Definition hT (T : R) (w : Omega) (z : 'rV[R]_d) : R :=
  inf [set s : R | exists (n : nat) (y : nat -> 'rV[R]_d),
        [/\ (forall j, (j <= n)%N -> LT T (y j)), y 0%N = z, y n = 0 &
            s = \sum_(1 <= j < n.+1) qexp * norm1 (y j.-1 - y j) / xiT T w (y j)]].

Definition roundT (T : R) (z : 'rV[R]_d) : 'rV[R]_d :=
  \row_i ((Num.floor (rT T * z 0 i))%:~R / rT T).

Definition sT (T : R) (w : Omega) (t : R) : set 'rV[R]_d :=
  [set z | hT T w (roundT T z) <= t].

End Defs.

Section Prob.
Local Open Scope ereal_scope.
Definition iid_pareto (R : realType) (d : nat) (alpha : R)
  (dO : measure_display) (Omega : measurableType dO) (P : probability Omega R)
  (xi : 'rV[int]_d -> Omega -> R) : Prop :=
  [/\ (forall z, measurable_fun setT (xi z)),
      (forall z (x : R), (1 <= x)%R ->
          P [set w | (x < xi z w)%R] = (x `^ (- alpha))%:E) &
      (* mutual independence: product rule over every finite subfamily *)
      (forall (s : seq 'rV[int]_d) (B : 'rV[int]_d -> set R), uniq s ->
          (forall z, measurable (B z)) ->
          P (\bigcap_(z in [set` s]) (xi z @^-1` B z)) =
          \prod_(z <- s) P (xi z @^-1` B z))].
End Prob.

(* On the event that every weight exceeds 1 and that the weights in the
   l1-ball of radius rho are at most M a(T), the rescaled environment xi_T lies in
   (0, M] on that ball; by a union bound over the O(r(T)^d rho^d) sites and the
   identity r(T)^d a(T)^(-alpha) = 1 this event has probability at least
   1 - (3 rho)^d M^(-alpha), which is small for M large.  On it, a near-optimal
   lattice path from [z]_T realising h_T <= t + eta stays in the ball and every step
   of cost c moves at most (M/q) c in l1-distance; cutting the path where the
   remaining cost equals t (interpolating on the crossing edge) gives a point of
   s_T(t) within (M/q) 2 eta + 2 d / r(T) < delta of z. *)

From HB Require Import structures.
From mathcomp Require Import all_boot all_order all_algebra.
From mathcomp Require Import all_classical all_reals all_analysis.
From mathcomp Require Import ring lra zify.
Import Order.TTheory GRing.Theory Num.Theory.
Local Open Scope classical_set_scope.
Local Open Scope ring_scope.
Set Implicit Arguments. Unset Strict Implicit. Unset Printing Implicit Defensive.

Section Norm1.
Variables (R : realType) (d : nat).
Implicit Types u v x : 'rV[R]_d.

Lemma norm1_ge0 v : 0 <= norm1 v.
Proof. exact: sumr_ge0. Qed.

Lemma norm1_0 : norm1 (0 : 'rV[R]_d) = 0.
Proof. by rewrite /norm1 big1 // => i _; rewrite mxE normr0. Qed.

Lemma norm1D u v : norm1 (u + v) <= norm1 u + norm1 v.
Proof. by rewrite /norm1 -big_split; apply: ler_sum => i _; rewrite mxE ler_normD. Qed.

Lemma norm1_sub_trans u v x : norm1 (u - x) <= norm1 (u - v) + norm1 (v - x).
Proof. by apply: le_trans (norm1D _ _); rewrite addrA subrK. Qed.

Lemma norm1_coord v i : `|v 0 i| <= norm1 v.
Proof. by rewrite /norm1 (bigD1 i) //= lerDl sumr_ge0. Qed.

End Norm1.

Definition truncz (R : realType) (x : R) : int :=
  if 0 <= x then Num.floor x else - Num.floor (- x).

Lemma truncz_spec (R : realType) (x : R) :
  `|(truncz x)%:~R : R| <= `|x| /\ `|x - (truncz x)%:~R| < 1.
Proof.
rewrite /truncz; case: (leP 0 x) => x0.
  have /andP[lex ltx] := floor_itv x.
  rewrite !ger0_norm ?ler0z ?floor_ge0 ?subr_ge0 //.
  by move: ltx; rewrite intrD; lra.
have /andP[lex ltx] := floor_itv (- x).
rewrite mulrNz normrN ger0_norm ?ler0z ?floor_ge0 ?oppr_ge0 ?(ltW x0) //.
rewrite ltr0_norm // opprK addrC ler0_norm; last by move: lex; lra.
by move: ltx; rewrite intrD; lra.
Qed.

Section Lattice.
Variables (R : realType) (d : nat) (alpha T : R).
Hypothesis rT_gt0 : 0 < rT d alpha T.
Local Notation r := (rT d alpha T).
Local Notation LT := (@LT R d alpha T).
Implicit Types z : 'rV[R]_d.

Lemma LT_toZ z : LT z -> forall i, z 0 i = (toZ alpha T z 0 i)%:~R / r.
Proof.
by move=> [k Hk] i; rewrite /toZ mxE Hk intrKfloor -Hk mulrAC divff ?mul1r ?gt_eqF.
Qed.

Lemma LT_int_row (W : 'rV[int]_d) : LT (\row_i ((W 0 i)%:~R / r)).
Proof. by exists W => i; rewrite mxE mulrC divfK ?gt_eqF. Qed.

Lemma roundT_LT z : LT (roundT alpha T z).
Proof.
by have := LT_int_row (toZ alpha T z); congr LT; apply/rowP => i; rewrite !mxE.
Qed.

Lemma roundT_id z : LT z -> roundT alpha T z = z.
Proof. by move=> Lz; apply/rowP => i; rewrite [RHS](LT_toZ Lz) !mxE. Qed.

Lemma norm1_sub_roundT z : norm1 (z - roundT alpha T z) <= d%:R / r.
Proof.
apply: (@le_trans _ _ (\sum_(i < d) r^-1)).
  2: by rewrite sumr_const card_ord -[_ *+ d]mulr_natl.
apply: ler_sum => i _; rewrite !mxE.
have /andP[lex ltx] := floor_itv (r * z 0 i).
have -> : z 0 i - (Num.floor (r * z 0 i))%:~R / r =
          (r * z 0 i - (Num.floor (r * z 0 i))%:~R) / r by field; rewrite lt0r_neq0.
rewrite normrM normfV (gtr0_norm rT_gt0) -{2}[r^-1]mul1r ler_pM2r ?invr_gt0 //.
rewrite ger0_norm ?subr_ge0 //.
by move: ltx; rewrite intrD; lra.
Qed.

Lemma LT_toZ_le z rho : LT z -> norm1 z <= rho ->
  forall i, `|(toZ alpha T z 0 i)%:~R : R| <= r * rho.
Proof.
move=> Lz zrho i.
have -> : (toZ alpha T z 0 i)%:~R = r * z 0 i by rewrite (LT_toZ Lz) mulrC divfK ?lt0r_neq0.
by rewrite normrM gtr0_norm // ler_pM2l // (le_trans (norm1_coord _ _)).
Qed.

Lemma LT_interpolate p u lam : LT p -> LT u -> 0 <= lam <= 1 ->
  exists2 w, LT w & norm1 (w - u) <= lam * norm1 (p - u) /\
    norm1 (p - w) <= (1 - lam) * norm1 (p - u) + d%:R / r.
Proof.
move=> Lp Lu /andP[lam0 lam1].
have [P pE] : exists P : 'rV[int]_d, forall i, p 0 i = (P 0 i)%:~R / r.
  by exists (toZ alpha T p); apply: LT_toZ.
have [U uE] : exists U : 'rV[int]_d, forall i, u 0 i = (U 0 i)%:~R / r.
  by exists (toZ alpha T u); apply: LT_toZ.
pose D i : R := (P 0 i)%:~R - (U 0 i)%:~R.
(* [w] rounds [u + lam (p - u)] coordinatewise towards [u]. *)
pose m i := truncz (lam * D i).
pose W : 'rV[int]_d := \row_i (U 0 i + m i).
have normD : norm1 (p - u) = \sum_(i < d) `|D i| / r.
  apply: eq_bigr => i _.
  by rewrite !mxE pE uE -mulrBl normrM normfV (gtr0_norm rT_gt0).
exists (\row_i ((W 0 i)%:~R / r)); first exact: LT_int_row.
split.
- rewrite normD mulr_sumr; apply: ler_sum => i _.
  rewrite !mxE uE intrD mulrDl addrAC subrr add0r normrM normfV (gtr0_norm rT_gt0).
  rewrite mulrA ler_pM2r ?invr_gt0 // -(ger0_norm lam0) -normrM.
  exact: (truncz_spec _).1.
- apply: (@le_trans _ _ (\sum_(i < d) ((1 - lam) * (`|D i| / r) + r^-1))); last first.
    by rewrite big_split /= sumr_const card_ord -[_ *+ d]mulr_natl normD mulr_sumr.
  apply: ler_sum => i _.
  have -> : (p - \row_i ((W 0 i)%:~R / r)) 0 i = (D i - (m i)%:~R) / r.
    by rewrite !mxE pE intrD /D; field; rewrite lt0r_neq0.
  rewrite normrM normfV (gtr0_norm rT_gt0) mulrA -[X in _ <= _ + X]mul1r -mulrDl.
  rewrite ler_pM2r ?invr_gt0 //.
  have := (truncz_spec (lam * D i)).2; rewrite -/(m i).
  have : `|D i - lam * D i| = (1 - lam) * `|D i|.
    by rewrite -{1}[D i]mul1r -mulrBl normrM ger0_norm ?subr_ge0.
  have := ler_normD (D i - lam * D i) (lam * D i - (m i)%:~R).
  rewrite addrA subrK; lra.
Qed.

End Lattice.

Section Paths.
Variables (R : realType) (d : nat) (alpha : R) (Omega : Type).
Variables (xi : 'rV[int]_d -> Omega -> R) (T : R) (w : Omega).
Local Notation q := (qexp d alpha).
Local Notation r := (rT d alpha T).
Local Notation xT := (xiT alpha xi T w).
Local Notation LT := (@LT R d alpha T).
Local Notation hT := (hT alpha xi T w).
Hypothesis q_gt0 : 0 < q.
Hypothesis rT_gt0 : 0 < r.
Hypothesis xiT_gt0 : forall z, 0 < xT z.
Implicit Types (y : nat -> 'rV[R]_d) (z v : 'rV[R]_d).

Definition step_cost y j : R := q * norm1 (y j.-1 - y j) / xT (y j).

Definition path_cost y n : R := \sum_(1 <= j < n.+1) step_cost y j.

Definition lattice_path y n := (forall j, (j <= n)%N -> LT (y j)) /\ y n = 0.

Lemma step_cost_ge0 y j : 0 <= step_cost y j.
Proof.
by apply: divr_ge0; [apply: mulr_ge0; [apply: ltW | apply: norm1_ge0] | apply: ltW].
Qed.

Lemma path_cost_ge0 y n : 0 <= path_cost y n.
Proof. by rewrite /path_cost sumr_ge0 // => j _; apply: step_cost_ge0. Qed.

Lemma path_cost0 y : path_cost y 0 = 0.
Proof. by rewrite /path_cost big_geq. Qed.

Lemma path_costS y n :
  path_cost y n.+1 = step_cost y 1 + path_cost (fun j => y j.+1) n.
Proof.
rewrite /path_cost big_ltn // big_add1 /=; congr (_ + _).
by apply: eq_big_nat => -[].
Qed.

Lemma lattice_pathS y n : lattice_path y n.+1 -> lattice_path (fun j => y j.+1) n.
Proof. by move=> [Ly yn]; split => // j jn; apply: Ly. Qed.

Lemma hT_le_path_cost y n : lattice_path y n -> hT (y 0%N) <= path_cost y n.
Proof.
move=> [Ly yn]; apply: ge_inf; last by exists n, y.
by exists 0 => _ [m [y' [_ _ _ ->]]]; apply: path_cost_ge0.
Qed.

Lemma hT_le_cons v y n : LT v -> lattice_path y n ->
  hT v <= q * norm1 (v - y 0%N) / xT (y 0%N) + path_cost y n.
Proof.
move=> Lv [Ly yn].
pose y' j := if j is j'.+1 then y j' else v.
have := @hT_le_path_cost y' n.+1; rewrite path_costS; apply.
by split => // -[|j] jn //; apply: Ly.
Qed.

Lemma exists_path_cost_lt z s : LT z -> hT z < s ->
  exists n y, [/\ lattice_path y n, y 0%N = z & path_cost y n < s].
Proof.
move=> Lz; case/inf_lt => [|_ [n [y [Ly y0 yn ->]]] lts]; last by exists n, y.
pose y1 j : 'rV[R]_d := if j is 0 then z else 0.
exists (path_cost y1 1), 1%N, y1; split => //.
by move=> [|[|j]] _ //; exists 0 => i; rewrite !mxE mulr0.
Qed.


Section BoundedEnvironment.
Variables M rho : R.
Hypothesis M_gt0 : 0 < M.
Hypothesis xiT_le : forall z, LT z -> norm1 z <= rho -> xT z <= M.

Lemma norm1_step_le y j : xT (y j) <= M -> norm1 (y j.-1 - y j) <= M / q * step_cost y j.
Proof.
move=> xM; rewrite /step_cost; set N := norm1 _.
have -> : M / q * (q * N / xT (y j)) = M / xT (y j) * N.
  by field; rewrite !lt0r_neq0.
by rewrite ler_peMl ?norm1_ge0 // ler_pdivlMr // mul1r.
Qed.

Lemma lattice_path_norm1_le n y : lattice_path y n -> M / q * path_cost y n <= rho ->
  forall j, (j <= n)%N -> norm1 (y j) <= M / q * path_cost y n.
Proof.
have Mq : 0 <= M / q by rewrite divr_ge0 ?ltW.
elim: n y => [|n IH] y Py Hrho.
  by move=> [|] // _; rewrite Py.2 norm1_0 path_cost0 mulr0.
have Py' := lattice_pathS Py.
have rest_le : path_cost (fun j => y j.+1) n <= path_cost y n.+1.
  by rewrite path_costS lerDr step_cost_ge0.
have Hrho' := le_trans (ler_wpM2l Mq rest_le) Hrho.
move=> [_|j jn]; last exact: le_trans (IH _ Py' Hrho' j jn) (ler_wpM2l Mq rest_le).
have y1_le := IH _ Py' Hrho' 0%N isT.
have xy1 : xT (y 1%N) <= M by apply: xiT_le (Py.1 1%N isT) (le_trans y1_le Hrho').
have := norm1_sub_trans (y 0%N) (y 1%N) 0; rewrite !subr0 path_costS mulrDr => le_y0.
exact: le_trans le_y0 (lerD (norm1_step_le xy1) y1_le).
Qed.

Lemma first_edge_cut n y (t : R) : lattice_path y n.+1 -> xT (y 1%N) <= M ->
  path_cost (fun j => y j.+1) n <= t < path_cost y n.+1 ->
  exists2 v, LT v & hT v <= t /\
    norm1 (y 0%N - v) <= M / q * (path_cost y n.+1 - t) + d%:R / r.
Proof.
move=> Py xy1; rewrite path_costS; set c1 := step_cost y 1; set rest := path_cost _ n.
move=> /andP[rest_t t_cost].
pose lam := (t - rest) / c1.
have c1_gt0 : 0 < c1 by lra.
have lam_c1 : lam * c1 = t - rest by rewrite divfK ?lt0r_neq0.
have lam01 : 0 <= lam <= 1 by rewrite divr_ge0 ?ler_pdivrMr ?mul1r //=; lra.
have [v Lv [v_near v_far]] := LT_interpolate rT_gt0 (Py.1 0%N isT) (Py.1 1%N isT) lam01.
exists v => //; split.
  apply: le_trans (hT_le_cons Lv (lattice_pathS Py)) _.
  rewrite -/rest -[t](subrK rest) -lam_c1 lerD2r /c1 /step_cost /=.
  by rewrite (mulrA lam) ler_pM2r ?invr_gt0 // mulrCA ler_pM2l.
apply: le_trans v_far _; rewrite lerD2r.
have lam1 : 0 <= 1 - lam by case/andP: lam01; lra.
apply: le_trans (ler_wpM2l lam1 (norm1_step_le xy1)) _.
have Mq : 0 <= M / q by rewrite divr_ge0 ?ltW.
by rewrite mulrCA ler_wpM2l // mulrBl mul1r lam_c1 -/c1; lra.
Qed.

Description of the task
Among the entries above, copy exactly only the lines starting with the one containing "Set Implicit Arguments." and going through the one containing "Lemma norm1D u", both ends included.

Exercise response
Set Implicit Arguments. Unset Strict Implicit. Unset Printing Implicit Defensive.

Section Norm1.
Variables (R : realType) (d : nat).
Implicit Types u v x : 'rV[R]_d.

Lemma norm1_ge0 v : 0 <= norm1 v.
Proof. exact: sumr_ge0. Qed.

Lemma norm1_0 : norm1 (0 : 'rV[R]_d) = 0.
Proof. by rewrite /norm1 big1 // => i _; rewrite mxE normr0. Qed.

Lemma norm1D u v : norm1 (u + v) <= norm1 u + norm1 v.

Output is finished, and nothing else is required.